Creating Vector Search with TiDB Serverless and Drizzle

Vector Search has become highly popular with RAG Systems. In this blog we will learn how we can use the TiDB serverless library to connect with our Database, create schema in drizzle, and use the vector search ability of the build in vector search in TiDB. But We should learn what is vector search and how it works?

Vector Search return similar items based on their semantic meaning, rather than exact matches. This is different from traditional keyword-based searches.

Traditional Search works like:

query: King results: King, Kingbird, Kingcup, Kingdom

Vector Search Example:

query: King

results: King, Queen, Kingdom, Monarch, Ruler, Prince

Vector Search in TiDB

Here a diagram explaining vector search by TiDB.  https://docs.pingcap.com/tidbcloud/vector-search-overview/?plan=starter

Here a diagram explaining vector search by TiDB. https://docs.pingcap.com/tidbcloud/vector-search-overview/?plan=starter

  • Vector type in TiDB

When creating a table, you can define a column as a vector column by specifying the VECTOR data type.

example

USE test;
CREATE TABLE embedded_documents (
    id        INT       PRIMARY KEY,
    -- Column to store the original content of the document.
    document  TEXT,
    -- Column to store the vector representation of the document.
    embedding VECTOR(3)
);

Inserting:

INSERT INTO embedded_documents
VALUES
    (1, 'dog', '[1,2,1]'),
    (2, 'fish', '[1,2,4]'),
    (3, 'tree', '[1,0,0]');

Querying :

SELECT * FROM embedded_documents;

Output:

+----+----------+-----------+
| id | document | embedding |
+----+----------+-----------+
|  1 | dog      | [1,2,1]   |
|  2 | fish     | [1,2,4]   |
|  3 | tree     | [1,0,0]   |
+----+----------+-----------+
3 rows in set (0.15 sec)

Vector Search

SELECT id, document, vec_cosine_distance(embedding, '[1,2,3]') AS distance
FROM embedded_documents
ORDER BY distance
LIMIT 3;

Output from vector search

+----+----------+---------------------+
| id | document | distance            |
+----+----------+---------------------+
|  2 | fish     | 0.00853986601633272 |
|  1 | dog      | 0.12712843905603044 |
|  3 | tree     |  0.7327387580875756 |
+----+----------+---------------------+
3 rows in set (0.15 sec)

Now, you would have a lot of question. Why did we only chose vector size of 3 ? How to convert text to vectors/embeddings? What is vec_cosine_distance for querying TiDB Database ? Does the Query vector has to be the same size as that of stored in database?

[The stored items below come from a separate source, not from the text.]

(* Let $\Omega_1\subseteq\mathbb C$ be path-connected and $\Omega_2\subseteq\mathbb C$ bounded. If $T:\mathbb C_n[z]\to\mathbb C[z]$ is a linear operator mapping every polynomial of degree exactly $n$ in $\pi_n(\Omega_1)$ into $\pi(\Omega_2)$ (in particular never to $0$), then all polynomials $T(f)$, with $f$ of degree exactly $n$ in $\pi_n(\Omega_1)$, have the same degree.
   Context: For $\Omega\subseteq\mathbb C$, $\pi(\Omega)$ is the set of non-zero univariate complex polynomials all of whose zeros lie in $\Omega$ (non-zero constants included), and $\pi_n(\Omega)$ its subset of polynomials of degree at most $n$. *)

From HB Require Import structures.
From mathcomp Require Import all_boot all_order all_algebra.
From mathcomp Require Import all_classical all_reals all_analysis.
From mathcomp Require Import complex.
Set Implicit Arguments. Unset Strict Implicit. Unset Printing Implicit Defensive.
Import Order.TTheory GRing.Theory Num.Theory.
Import numFieldTopology.Exports numFieldNormedType.Exports.
Local Open Scope classical_set_scope.
Local Open Scope ring_scope.
Local Open Scope complex_scope.

(* Equip C = R[i] with its usual (norm) topology: copy of the metric structure
   that mathcomp-analysis puts on any numFieldType, via the R^o alias.
   (Balls are ball x e = [set y | `|x - y| < e].) *)
HB.instance Definition _ (R : rcfType) := PseudoPointedMetric.copy R[i] (R[i])^o.

Definition pi_set (R : rcfType) (Om : set R[i]) : set {poly R[i]} :=
  [set p | p != 0 /\ forall z, root p z -> Om z].

Definition pi_n_set (R : rcfType) (n : nat) (Om : set R[i]) : set {poly R[i]} :=
  [set p | pi_set Om p /\ (size p <= n.+1)%N].

Definition path_connected_set (R : realType) (Om : set R[i]) : Prop :=
  forall x y, Om x -> Om y ->
    exists g : R -> R[i],
      {within (`[0, 1]%classic : set R), continuous g} /\ g 0 = x /\ g 1 = y /\
      (forall t, t \in `[0, 1] -> Om (g t)).

Definition bounded_cset (R : realType) (Om : set R[i]) : Prop :=
  exists M : R, forall z, Om z -> `|z| <= M%:C.

Definition linear_on_Cn (R : rcfType) (n : nat) (T : {poly R[i]} -> {poly R[i]}) :=
  forall (a : R[i]) (p q : {poly R[i]}), (size p <= n.+1)%N -> (size q <= n.+1)%N ->
    T (a *: p + q) = a *: T p + T q.

From HB Require Import structures.
From mathcomp Require Import all_boot all_order all_algebra.
From mathcomp Require Import all_classical all_reals all_analysis.
From mathcomp Require Import complex.
Import Order.TTheory GRing.Theory Num.Theory.
Import numFieldTopology.Exports numFieldNormedType.Exports.
Set Implicit Arguments. Unset Strict Implicit. Unset Printing Implicit Defensive.
Local Open Scope classical_set_scope.
Local Open Scope ring_scope.
Local Open Scope complex_scope.

(* For q of degree n - 1 with roots in Om1, the map w |-> T (q (X - w)) is the
   affine pencil T (q X) - w T q. If its degree dropped below
   D = max (deg T (q X), deg T q) at some w0 in Om1, then T q would have the
   larger degree, and moving w slightly away from w0 along a path in Om1 would
   add to T (q (X - w0)) a small multiple of T q; this creates roots of
   arbitrarily large modulus, contradicting the boundedness of Om2. Hence the
   degree is D on all of Om1, and any two polynomials of degree n in pi_n(Om1)
   are linked by exchanging their roots one at a time. *)

Lemma norm_coef_prod_XsubC_le (F : numDomainType) (M : F) (s : seq F) k :
  0 <= M -> (forall z, z \in s -> `|z| <= M) ->
  `|(\prod_(z <- s) ('X - z%:P))`_k| <= (1 + M) ^+ size s.
Proof.
move=> M_ge0; elim: s k => [|a s IHs] k s_le.
  by rewrite big_nil coefC expr0; case: (k == 0)%N; rewrite ?normr1 ?normr0.
have a_le : `|a| <= M by apply: s_le; rewrite mem_head.
have {}IHs k' : `|(\prod_(z <- s) ('X - z%:P))`_k'| <= (1 + M) ^+ size s.
  by apply: IHs => z zs; apply: s_le; rewrite in_cons zs orbT.
rewrite big_cons mulrC mulrBr coefB coefMX coefMC /= exprS mulrDl mul1r.
apply: le_trans (ler_normB _ _) _; apply: lerD.
  by case: (k == 0)%N; rewrite ?normr0 ?exprn_ge0 ?addr_ge0.
by rewrite normrM mulrC ler_pM.
Qed.

Lemma norm_coef_le_roots_bound (F : numClosedFieldType) (M : F) (p : {poly F}) k :
  0 <= M -> (forall z, root p z -> `|z| <= M) ->
  `|p`_k| <= `|lead_coef p| * (1 + M) ^+ (size p).-1.
Proof.
move=> M_ge0 p_roots; have [->|p_neq0] := eqVneq p 0.
  by rewrite coef0 normr0 lead_coef0 normr0 mul0r.
have [s p_eq] := closed_field_poly_normal p.
have lc_neq0 : lead_coef p != 0 by rewrite lead_coef_eq0.
have -> : (size p).-1 = size s by rewrite p_eq size_scale // size_prod_XsubC.
rewrite {1}p_eq coefZ normrM ler_wpM2l // norm_coef_prod_XsubC_le // => z zs.
by apply: p_roots; rewrite p_eq rootZ // root_prod_XsubC.
Qed.

(* The leading coefficient of [Q - e B] is [- e lead_coef B] -> 0, while its
   coefficient of index [deg Q] tends to [lead_coef Q != 0]; this is
   incompatible with [norm_coef_le_roots_bound] for a fixed root bound. *)
Lemma roots_unbounded_small_perturbation (F : numClosedFieldType) (M : F)
    (Q B : {poly F}) :
  0 <= M -> Q != 0 -> (size Q < size B)%N ->
  exists2 d : F, 0 < d & forall e : F, 0 < `|e| < d ->
    ~ (forall z, root (Q - e *: B) z -> `|z| <= M).
Proof.
move=> M_ge0 Q_neq0 sQB.
set j := (size Q).-1.
set Y := `|lead_coef B| * (1 + M) ^+ (size B).-1 + `|B`_j|.
have Y_ge0 : 0 <= Y by rewrite addr_ge0 ?mulr_ge0 ?exprn_ge0 ?addr_ge0.
have lcQ_gt0 : 0 < `|lead_coef Q| by rewrite normr_gt0 lead_coef_eq0.
exists (`|lead_coef Q| / (Y + 1)); first by rewrite divr_gt0 // ltr_wpDl.
move=> e /andP[e_gt0 e_lt] roots_le.
have e_neq0 : e != 0 by rewrite -normr_gt0.
have sQeB : (size Q < size (- (e *: B)))%N by rewrite size_polyN size_scale.
have := norm_coef_le_roots_bound j M_ge0 roots_le.
rewrite addrC lead_coefDl // size_polyDl // lead_coefN lead_coefZ size_polyN.
rewrite size_scale // coefD coefN coefZ normrN normrM -mulrA => coef_le.
have lcQ_le : `|lead_coef Q| <= `|e| * Y.
  have -> : lead_coef Q = (- (e * B`_j) + Q`_j) + e * B`_j.
    by rewrite addrC addNKr.
  by apply: le_trans (ler_normD _ _) _; rewrite mulrDr normrM lerD.
move: e_lt; rewrite ltr_pdivlMr ?ltr_wpDl // => /lt_le_trans/(_ lcQ_le).
by rewrite mulrDr mulr1 gtrDl normr_lt0.
Qed.

Lemma continuous_path_small_positive (R : realType) (phi : R -> R) (d : R) :
  {within `[0, 1], continuous phi} -> phi 0 = 0 -> 0 < phi 1 -> 0 < d ->
  exists2 t, t \in `[0, 1] & 0 < phi t < d.
Proof.
move=> phi_cont phi0 phi1_gt0 d_gt0.
set v := Num.min d (phi 1) / 2.
have min_gt0 : 0 < Num.min d (phi 1) by rewrite lt_min d_gt0 phi1_gt0.
have v_gt0 : 0 < v by rewrite divr_gt0.
have /andP[v_lt_d v_lt_phi1] : (v < d) && (v < phi 1).
  by rewrite -lt_min ltr_pdivrMr // mulr_natr mulr2n ltrDr.
have [t t01 phit] : exists2 t, t \in `[0, 1] & phi t = v.
  apply: IVT; rewrite ?ler01 // phi0.
  by rewrite ge_min le_max (ltW v_gt0) (ltW v_lt_phi1) orbT.
by exists t; rewrite // phit v_gt0.
Qed.

Lemma continuous_Re_dist (R : realType) (w0 : R[i]) :
  continuous (fun z : R[i] => complex.Re (`|z - w0| : R[i])).
Proof.
have ReE (z : R[i]) : (complex.Re (`|z| : R[i]))%:C = `|z|.
  by rewrite RRe_real // normr_real.
have normC (c : R) : `|c%:C| = `|c|%:C.
  by rewrite normc_def /= expr0n /= addr0 sqrtr_sqr.
move=> x; apply/(@cvgrPdist_lt _ _ _ _ (nbhs_filter x)) => eps eps_gt0.
have /cvgrPdist_lt /(_ eps%:C) := @cvg_id _ (nbhs (x : (R[i])^o)).
rewrite ltcR => /(_ eps_gt0); apply: filterS => z.
rewrite -ltcR -normC rmorphB /= !ReE => xz_lt.
by apply: le_lt_trans (ler_dist_dist _ _) _; rewrite opprB addrA subrK.
Qed.

Lemma path_meets_punctured_disk (R : realType) (g : R -> R[i]) (d : R[i]) :
  {within `[0, 1], continuous g} -> g 1 != g 0 -> 0 < d ->
  exists2 t, t \in `[0, 1] & 0 < `|g t - g 0| < d.
Proof.
move=> g_cont g10 d_gt0.
set phi := fun t => complex.Re (`|g t - g 0| : R[i]).
have phiE t : (phi t)%:C = `|g t - g 0| by rewrite RRe_real // normr_real.
have dE : (complex.Re d)%:C = d by rewrite RRe_real ?gtr0_real.
have phi_cont : {within `[0, 1], continuous phi}.
  by move=> t; exact: continuous_comp (g_cont t) (@continuous_Re_dist R (g 0) _).
have phi0 : phi 0 = 0 by apply: complexI; rewrite phiE subrr normr0.
have phi1_gt0 : 0 < phi 1 by rewrite -ltcR phiE normr_gt0 subr_eq0.
have Red_gt0 : 0 < complex.Re d by rewrite -ltcR dE.
have [t t01] := continuous_path_small_positive phi_cont phi0 phi1_gt0 Red_gt0.
by rewrite -!ltcR phiE dE => phit; exists t.
Qed.

Lemma size_subZ_lt_size (F : nzRingType) (A B : {poly F}) (w : F) :
  (size (A - w *: B)%R < maxn (size A) (size B))%N ->
  (size (A - w *: B)%R < size B)%N.
Proof.
have [BA|//] := ltnP (size B) (size A).
rewrite size_polyDl ?ltnn //.
by rewrite size_polyN (leq_ltn_trans (size_scale_leq _ _)).
Qed.

Lemma linear_on_Cn_scale (F : rcfType) n (T : {poly F[i]} -> {poly F[i]})
    (a : F[i]) (p : {poly F[i]}) :
  linear_on_Cn n T -> (size p <= n.+1)%N -> T (a *: p) = a *: T p.
Proof.
move=> T_lin sp.
have T0 : T 0 = 0.
  have := T_lin 1 0 0; rewrite scale1r addr0 size_poly0 => /(_ isT isT).
  by rewrite scale1r => /(congr1 (fun x => x - T 0)); rewrite addrK subrr.
by have := T_lin a p 0; rewrite !addr0 T0 addr0 size_poly0 => ->.
Qed.

Lemma linear_on_Cn_mul_XsubC (F : rcfType) n (T : {poly F[i]} -> {poly F[i]})
    (q : {poly F[i]}) (w : F[i]) :
  linear_on_Cn n T -> (size q <= n)%N ->
  T (q * ('X - w%:P)) = T (q * 'X) - w *: T q.
Proof.
move=> T_lin sq; have sqX : (size (q * 'X)%R <= n.+1)%N.
  by apply: leq_trans (size_mul_leq _ _) _; rewrite size_polyX addn2.
have -> : q * ('X - w%:P) = (- w) *: q + q * 'X.
  by rewrite mulrBr [q * w%:P]mulrC mul_polyC scaleNr addrC.
by rewrite T_lin ?(leqW sq) // scaleNr addrC.
Qed.

Lemma pi_n_set_mul_XsubC (F : rcfType) n (Om : set F[i])
    (q : {poly F[i]}) (w : F[i]) :
  q != 0 -> size q = n -> (forall z, root q z -> Om z) -> Om w ->
  size (q * ('X - w%:P)) = n.+1 /\ pi_n_set n Om (q * ('X - w%:P)).
Proof.
move=> q_neq0 sq q_roots Om_w.
have sqw : size (q * ('X - w%:P)) = n.+1.
  by rewrite size_mul ?polyXsubC_eq0 // size_XsubC sq addn2.
split=> //; split; last by rewrite sqw.
split; first by rewrite mulf_neq0 ?polyXsubC_eq0.
by move=> z; rewrite rootM root_XsubC => /orP[/q_roots|/eqP->].
Qed.

Section DegreeInvariance.

Variables (R : realType) (n : nat) (Om1 Om2 : set R[i]).
Variable T : {poly R[i]} -> {poly R[i]}.
Hypothesis Om1_path : path_connected_set Om1.
Hypothesis Om2_bounded : bounded_cset Om2.
Hypothesis T_lin : linear_on_Cn n T.
Hypothesis T_pi : forall f : {poly R[i]},
  size f = n.+1 -> pi_n_set n Om1 f -> pi_set Om2 (T f).

Section FixedCofactor.

Variable q : {poly R[i]}.
Hypotheses (q_neq0 : q != 0) (size_q : size q = n).
Hypothesis q_roots : forall z, root q z -> Om1 z.

Lemma pi_set_T_mul_XsubC w :
  Om1 w -> pi_set Om2 (T (q * 'X) - w *: T q).
Proof.
move=> Om1_w.
have [sqw piqw] := pi_n_set_mul_XsubC q_neq0 size_q q_roots Om1_w.
by rewrite -(linear_on_Cn_mul_XsubC w T_lin) ?size_q //; apply: T_pi.
Qed.

Lemma size_T_mul_XsubC_max w w' : Om1 w -> Om1 w' -> w' != w ->
  size (T (q * 'X) - w *: T q) = maxn (size (T (q * 'X))) (size (T q)).
Proof.
set A := T (q * 'X); set B := T q => Om1_w Om1_w' w'w.
have [M Om2_le] := Om2_bounded; set Mc := `|M%:C|.
have roots_le v z : Om1 v -> root (A - v *: B) z -> `|z| <= Mc.
  move=> /pi_set_T_mul_XsubC[_ /(_ z) Om2_roots] /Om2_roots /Om2_le.
  by move/le_trans; apply; rewrite real_ler_norm ?complex_real.
apply/eqP; rewrite eqn_leq; apply/andP; split.
  apply: leq_trans (size_polyD _ _) _; rewrite size_polyN geq_max leq_maxl.
  exact: leq_trans (size_scale_leq _ _) (leq_maxr _ _).
rewrite leqNgt; apply/negP => /size_subZ_lt_size small_size.
have [Q_neq0 _] := pi_set_T_mul_XsubC Om1_w.
have [d d_gt0 escape] :=
  roots_unbounded_small_perturbation (normr_ge0 M%:C) Q_neq0 small_size.
have [g [g_cont [g0 [g1 g_Om1]]]] := Om1_path Om1_w Om1_w'.
have g10 : g 1 != g 0 by rewrite g0 g1.
have [t t01] := path_meets_punctured_disk g_cont g10 d_gt0.
rewrite g0 => /escape; apply=> z.
have -> : A - w *: B - (g t - w) *: B = A - g t *: B.
  by rewrite scalerBl opprB addrA subrK.
exact: roots_le (g_Om1 t t01).
Qed.

Lemma size_T_mul_XsubC_eq a b : Om1 a -> Om1 b ->
  size (T (q * ('X - a%:P))) = size (T (q * ('X - b%:P))).
Proof.
move=> Om1_a Om1_b; have [->//|ab] := eqVneq a b.
rewrite !(linear_on_Cn_mul_XsubC _ T_lin) ?size_q //.
rewrite (size_T_mul_XsubC_max Om1_a Om1_b) 1?eq_sym //.
by rewrite (size_T_mul_XsubC_max Om1_b Om1_a).
Qed.

End FixedCofactor.

Lemma size_T_prod_XsubC_eq (s t u : seq R[i]) :
  size s = size t -> (size s + size u)%N = n ->
  {in s, forall z, Om1 z} -> {in t, forall z, Om1 z} -> {in u, forall z, Om1 z} ->
  size (T (\prod_(z <- s ++ u) ('X - z%:P))) =
  size (T (\prod_(z <- t ++ u) ('X - z%:P))).
Proof.
have prod_rot (c : R[i]) v w : \prod_(z <- c :: v ++ w) ('X - z%:P) =
    \prod_(z <- v ++ c :: w) ('X - z%:P).
  by apply: perm_big; rewrite -cat1s perm_catCA.
elim: s t u => [|a s IHs] [|b t] u //= [st] snu s_Om t_Om u_Om.
have a_Om : Om1 a by apply: s_Om; rewrite mem_head.
have b_Om : Om1 b by apply: t_Om; rewrite mem_head.
have IH : size (T (\prod_(z <- s ++ a :: u) ('X - z%:P))) =
          size (T (\prod_(z <- t ++ a :: u) ('X - z%:P))).
  apply: IHs; rewrite ?addnS // => z zsu.
  - by apply: s_Om; rewrite in_cons zsu orbT.
  - by apply: t_Om; rewrite in_cons zsu orbT.
  - by move: zsu; rewrite in_cons => /predU1P[->|/u_Om].
rewrite prod_rot IH -prod_rot !big_cons ![('X - _%:P) * _]mulrC.
apply: size_T_mul_XsubC_eq => //.
- by rewrite monic_neq0 ?monic_prod_XsubC.
- by rewrite size_prod_XsubC size_cat -st.
- by move=> z; rewrite root_prod_XsubC mem_cat => /orP[zt|zu];
    [apply: t_Om; rewrite in_cons zt orbT | exact: u_Om].
Qed.

End DegreeInvariance.

Lemma linear_on_Cn_size_T_prod_roots (F : rcfType) n (Om : set F[i])
    (T : {poly F[i]} -> {poly F[i]}) (f : {poly F[i]}) :
  linear_on_Cn n T -> size f = n.+1 -> pi_n_set n Om f ->
  exists s : seq F[i], [/\ size s = n, {in s, forall z, Om z} &
    size (T f) = size (T (\prod_(z <- s) ('X - z%:P)))].
Proof.
move=> T_lin sf [[f_neq0 f_roots] _]; have [s f_eq] := closed_field_poly_normal f.
have lc_neq0 : lead_coef f != 0 by rewrite lead_coef_eq0.
have ss : size s = n.
  by move: sf; rewrite f_eq size_scale // size_prod_XsubC => -[].
exists s; split=> // [z zs|].
  by apply: f_roots; rewrite f_eq rootZ // root_prod_XsubC.
by rewrite {1}f_eq (linear_on_Cn_scale _ T_lin) ?size_scale // size_prod_XsubC ss.
Qed.

Theorem mainTheorem19 (R : realType) (n : nat) (Om1 Om2 : set R[i])
  (T : {poly R[i]} -> {poly R[i]}) :
  path_connected_set Om1 -> bounded_cset Om2 -> linear_on_Cn n T ->
  (forall f : {poly R[i]}, size f = n.+1 -> pi_n_set n Om1 f -> pi_set Om2 (T f)) ->
  forall f g : {poly R[i]}, size f = n.+1 -> pi_n_set n Om1 f ->
              size g = n.+1 -> pi_n_set n Om1 g ->
              size (T f) = size (T g).
Proof.
move=> Om1_path Om2_bounded T_lin T_pi f g sf pif sg pig.
have [s [ss s_Om ->]] := linear_on_Cn_size_T_prod_roots T_lin sf pif.
have [t [st t_Om ->]] := linear_on_Cn_size_T_prod_roots T_lin sg pig.
have := size_T_prod_XsubC_eq Om1_path Om2_bounded T_lin T_pi
  (s := s) (t := t) (u := [::]).
by rewrite !cats0 addn0; apply; rewrite ?ss ?st.
Qed.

How vector search is calculated ?

Let’s take a look at how vector search typically work:

1.Vector embeddings generation: Data items are first converted into vectors using a feature extraction or embedding technique. For example, images can be represented as vectors using convolutional neural networks (CNNs), and text documents can be represented as vectors using word embeddings or sentence embeddings.

2. Indexing & querying: The vectors are then indexed in the vector search database. Indexing is the process of organizing the vectors in a way that allows for efficient similarity search. Various indexing techniques and data structures, such as k-d trees, ball trees, and approximate nearest neighbor (ANN) algorithms, can be used to speed up the search process.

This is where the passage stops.